S’il décrit de façon aussi directe ses impressions face à cette  réalité, c’est qu’il a lui-même constaté, en pleine mer de Chine, à quel  point les conditions de travail sur les bateaux de pêche peuvent  s’avérer épouvantables. Et pour y parvenir, le journaliste a dû user de  stratégie, de patience et d’une témérité certaine.

Dans son livre, qui vient de paraître en édition française, il  raconte ainsi qu’il a dû passer plusieurs soirées à boire avec des  capitaines dans un des plus grands ports de pêche de Thaïlande, afin de  gagner leur confiance.

« Les capitaines se demandaient pourquoi nous voulions passer  quelques jours sur des navires qui étaient notoirement sales et  dangereux. Je leur répondais que c’était pour voir le travail des hommes  et raconter leur vie », écrit le journaliste, par ailleurs co-lauréat  d’un prix Pulitzer pour une enquête sur la prostitution.

C’est ainsi qu’il est parvenu à voir et à décrire cet « esclavage en  mer ». Concrètement, les marins qu’il a rencontrés sur les bateaux  thaïlandais étaient des migrants, la plupart du temps en provenance du  Cambodge ou de la Birmanie. Forcés de s’endetter pour traverser  illégalement les frontières et se trouver un « emploi », ils se  retrouvent pris en mer, parfois pendant plusieurs mois, voire plusieurs  années, sans pouvoir retourner à terre.

Pour les maintenir dans cette zone de non-droit, les navires de pêche  sont ravitaillés en mer et les prises sont transférées d’un navire à un  autre.

Hypocrisie

Les bateaux sur lesquels les marins sont pour ainsi dire captifs  grouillent de vermine, ils y travaillent sans arrêt sans la moindre  mesure de sécurité, leurs repas se résument à une nourriture infecte et  ils sont soumis à un capitaine parfois très violent, raconte le  journaliste.

Ian Urbina a d’ailleurs recueilli plusieurs témoignages de ces marins  de la misère ayant subi des mauvais traitements à de multiples  reprises. Il a notamment pu rencontrer un homme qui, avant d’être  « libéré », était constamment enchaîné pour éviter qu’il ne tente de  s’évader. « Il faut voir ce genre de navire comme un vaisseau spatial,  où les gens sont pris, en haute mer, sans application de loi. Et les  victimes sont souvent des migrants victimes de trafic en provenance de  pays pauvres. »

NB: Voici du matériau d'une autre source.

(* Let $\Lambda\subset H^0(\mathbb{P}^r,\mathcal{O}_{\mathbb{P}^r}(2))$ be a linear system of quadrics with $\dim\Lambda=\alpha+1$, let $\Phi:\mathbb{P}^r\dashrightarrow\mathbb{P}^\alpha$ be the associated rational map, and let $X$ be the base scheme of $\Lambda$. Let $W\subset G(1,r)$ be the Zariski closure of the set of lines $L\subset\mathbb{P}^r$ with $L\cap X=\emptyset$ for which $\Phi_{|L}:L\to\Phi(L)$ is a double covering of a line. Then $W=\emptyset$ if and only if all fibres of $\Phi$ are linear spaces.
   Context: Over $\mathbb{C}$. The fibre of $\Phi$ through $P\in\mathbb{P}^r\setminus X$ means the Zariski closure $\overline{\Phi^{-1}(\Phi(P))}$. $G(1,r)$ is the Grassmannian of lines in $\mathbb{P}^r$. *)

From HB Require Import structures.
From mathcomp Require Import all_boot all_order all_algebra.
From mathcomp Require Import reals.
From mathcomp.real_closed Require Import complex.
From mathcomp Require Import mpoly.
Import GRing.Theory Num.Theory.

Set Implicit Arguments.
Unset Strict Implicit.
Unset Printing Implicit Defensive.

Local Open Scope ring_scope.

(* The ground field is C, modelled as R[i] for R : realType (any realType is
   isomorphic to the real numbers).  A point of P^(n-1) is represented by a
   nonzero row vector of 'rV[R[i]]_n, up to nonzero scalars. *)

Definition proj_eq (R : realType) (k : nat) (u v : 'rV[R[i]]_k) : Prop :=
  exists2 c : R[i], c != 0 & v = c *: u.

Definition qform (R : realType) (n : nat) (A : 'M[R[i]]_n) (x : 'rV[R[i]]_n) : R[i] :=
  (x *m A *m x^T) 0 0.

(* Lambda is spanned by the quadrics q_0..q_alpha (given by matrices A j);
   Phi = [q_0 : ... : q_alpha] is the associated rational map. *)
Definition Phi (R : realType) (n m : nat) (A : 'I_m -> 'M[R[i]]_n)
  (x : 'rV[R[i]]_n) : 'rV[R[i]]_m := \row_j qform (A j) x.

(* the quadrics q_j are linearly independent, i.e. dim Lambda = m *)
Definition lin_indep_quadrics (R : realType) (n m : nat) (A : 'I_m -> 'M[R[i]]_n) : Prop :=
  forall c : 'I_m -> R[i],
    (forall x : 'rV[R[i]]_n, \sum_(j < m) c j * qform (A j) x = 0) ->
    forall j, c j = 0.

(* Zariski closure in P^(n-1) of a (scale invariant) set S of points:
   the points where every polynomial vanishing on (the cone over) S vanishes,
   i.e. V(I(S)). *)
Definition zclosure (R : realType) (n : nat) (S : 'rV[R[i]]_n -> Prop)
  (x : 'rV[R[i]]_n) : Prop :=
  forall p : {mpoly R[i][n]},
    (forall y : 'rV[R[i]]_n, y != 0 -> S y -> p.@[fun k => y 0 k] = 0) ->
    p.@[fun k => x 0 k] = 0.

(* fibre of Phi through P (P outside the base locus X):
   Zariski closure of Phi^-1(Phi(P)) *)
Definition fibre (R : realType) (n m : nat) (A : 'I_m -> 'M[R[i]]_n)
  (P : 'rV[R[i]]_n) : 'rV[R[i]]_n -> Prop :=
  zclosure (fun Q => Phi A Q != 0 /\ proj_eq (Phi A P) (Phi A Q)).

Definition is_linear_space (R : realType) (n : nat) (F : 'rV[R[i]]_n -> Prop) : Prop :=
  exists V : 'M[R[i]]_n, forall x, x != 0 -> (F x <-> (x <= V)%MS).
(* Contraction by a non-loop [e]: the rank function of the minor [M / e]. *)
Definition contract (e : E) (X : {set E}) : nat := r (e |: X) - 1.

Section Contraction.

Variable e : E.
Hypothesis e_nonloop : 0 < r [set e].

Lemma rank_setU1_gt0 (X : {set E}) : 0 < r (e |: X).
Proof. by apply: leq_trans e_nonloop (rank_mono hr _); rewrite sub1set setU11. Qed.

Lemma contract_rank_function : rank_function (contract e).
Proof.
have posU := rank_setU1_gt0; split=> [X Y sXY | X Y | X]; rewrite /contract.
- by rewrite leq_sub2r // rank_mono // setUS.
- have := @rank_submodS (e |: (X :|: Y)) (e |: (X :&: Y)) (e |: X) (e |: Y).
  rewrite -setUUr -setUIr !subxx => /(_ isT isT).
  have := posU (X :|: Y); have := posU (X :&: Y); lia.
- have := rank_card hr (e |: X); rewrite cardsU1; have := leq_b1 (e \notin X); lia.
Qed.

Lemma contract_indep (X : {set E}) :
  contract e X = #|X| -> e \notin X /\ r (e |: X) = #|e |: X|.
Proof.
rewrite /contract => rX; have eX : e \notin X.
  apply/negP=> eX; move: rX; rewrite (setUidPr _) ?sub1set //.
  have := rank_card hr X; have : 0 < #|X| by apply/card_gt0P; exists e.
  lia.
by split=> //; move: rX; rewrite cardsU1 eX; have := rank_setU1_gt0 X; lia.
Qed.

End Contraction.

End RankFunction.

Section Rado.

Variables (E K : finType) (part : E -> K).

Definition blocks (J : {set K}) : {set E} := [set x | part x \in J].

Definition rado_condition (r : {set E} -> nat) (c : K -> nat) : Prop :=
  forall J : {set K}, \sum_(k in J) c k <= r (blocks J).

Definition meets_demand (c : K -> nat) (X : {set E}) : Prop :=
  forall k, #|[set x in X | part x == k]| = c k.
(* Induction on n: one of [v ++ [false]], [v ++ [true]] takes at most half the count of [v]. *)
Lemma pigeonhole_prefix {A} (l : list A) (f : A -> word) n :
  exists v, length v = n /\
    (count (fun a => weq (firstn n (f a)) v) l * 2 ^ n <= length l)%nat.
Proof.
  induction n as [|n [v [Hv Hc]]].
  - exists []. split; [reflexivity|]. unfold count. simpl.
    rewrite Nat.mul_1_r. apply filter_length_le.
  - set (c b := count (fun a => weq (firstn (S n) (f a)) (v ++ [b])) l).
    assert (Hsplit : (c false + c true <= count (fun a => weq (firstn n (f a)) v) l)%nat).
    { assert (Hshort : forall a b, weq (firstn (S n) (f a)) (v ++ [b]) = true ->
                         weq (firstn n (f a)) v = true).
      { intros a b Hab. apply weq_spec in Hab. apply weq_spec.
        replace (firstn n (f a)) with (firstn n (firstn (S n) (f a)))
          by (rewrite firstn_firstn, Nat.min_l by lia; reflexivity).
        rewrite Hab, firstn_app, Hv, Nat.sub_diag, app_nil_r. apply firstn_all2. lia. }
      apply count_disjoint_le; [|eauto|eauto].
      intros a H0 H1. apply weq_spec in H0, H1. rewrite H0 in H1.
      apply app_inv_head in H1. discriminate. }
    rewrite Nat.pow_succ_r'.
    destruct (Nat.le_ge_cases (c false) (c true)) as [Hle|Hle];
      [exists (v ++ [false])|exists (v ++ [true])];
      (split; [rewrite length_app, Hv; simpl; lia|]); fold (c false) (c true); nia.
Qed.

Lemma prefix_length x n : length (prefix x n) = n.
Proof. unfold prefix. now rewrite length_map, length_seq. Qed.

Lemma prefix_nth x n i d : (i < n)%nat -> nth i (prefix x n) d = x i.
Proof.
  intros H. unfold prefix.
  rewrite nth_indep with (d' := x 0%nat) by (now rewrite length_map, length_seq).
  now rewrite map_nth, seq_nth.
Qed.

Lemma prefix_S x n : prefix x (S n) = prefix x n ++ [x n].
Proof. unfold prefix. now rewrite seq_S, map_app. Qed.

Lemma firstn_prefix x m n : (m <= n)%nat -> firstn m (prefix x n) = prefix x m.
Proof.
  intros H. apply nth_ext with (d := false) (d' := false).
  - now rewrite length_firstn, !prefix_length, Nat.min_l.
  - intros i Hi. rewrite length_firstn, prefix_length in Hi.
    rewrite nth_firstn, !prefix_nth by lia.
    now replace (i <? m)%nat with true by (symmetry; apply Nat.ltb_lt; lia).
Qed.

Lemma prefix_of_word v n : (n <= length v)%nat -> prefix (fun i => nth i v false) n = firstn n v.
Proof.
  intros H. apply nth_ext with (d := false) (d' := false).
  - rewrite prefix_length, length_firstn. lia.
  - intros i Hi. rewrite prefix_length in Hi.
    rewrite prefix_nth, nth_firstn by lia.
    now replace (i <? n)%nat with true by (symmetry; apply Nat.ltb_lt; lia).
Qed.

Definition prefix_closed (P : word -> Prop) : Prop := forall u v, P (u ++ v) -> P u.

L’effondrement quasi généralisé des stocks de poissons est en partie  responsable de l’accroissement du phénomène, souligne-t-il. À mesure que  les navires ont dû parcourir des distances de plus en plus grandes pour  aller pêcher, « les entreprises et les capitaines se sont de plus en  plus tournés vers le travail forcé pour réduire leurs coûts », et ainsi  continuer d’offrir des produits au plus bas prix possible aux  consommateurs, notamment au Canada.

« Les consommateurs sont hypocrites et sont complices du problème de  la pêche illégale ou de l’esclavage en mer. En consommant ces produits,  nous bénéficions directement des pratiques comme le travail forcé »,  déplore Ian Urbina, qui vient de quitter le New York Times pour  poursuivre son travail d’enquête en mer de façon indépendante. « C’est  un mirage de croire qu’on peut pêcher du thon de façon durable, légale  et en offrant de bonnes conditions de travail aux marins, tout en  vendant une boîte de thon qui a voyagé sur des milliers de kilomètres  pour à peine 2,50$. »

Dans un contexte de raréfaction des ressources, Ian Urbina souligne  en outre que la pêche illégale prend de plus en plus d’ampleur. « Le  commerce illicite des produits de la mer est mondialement prospère, avec  un chiffre d’affaires annuel estimé à 160 milliards de dollars. »

Le développement des outils technologiques permet d’ailleurs  aujourd’hui de « piller les océans avec une efficacité remarquable »,  écrit-il.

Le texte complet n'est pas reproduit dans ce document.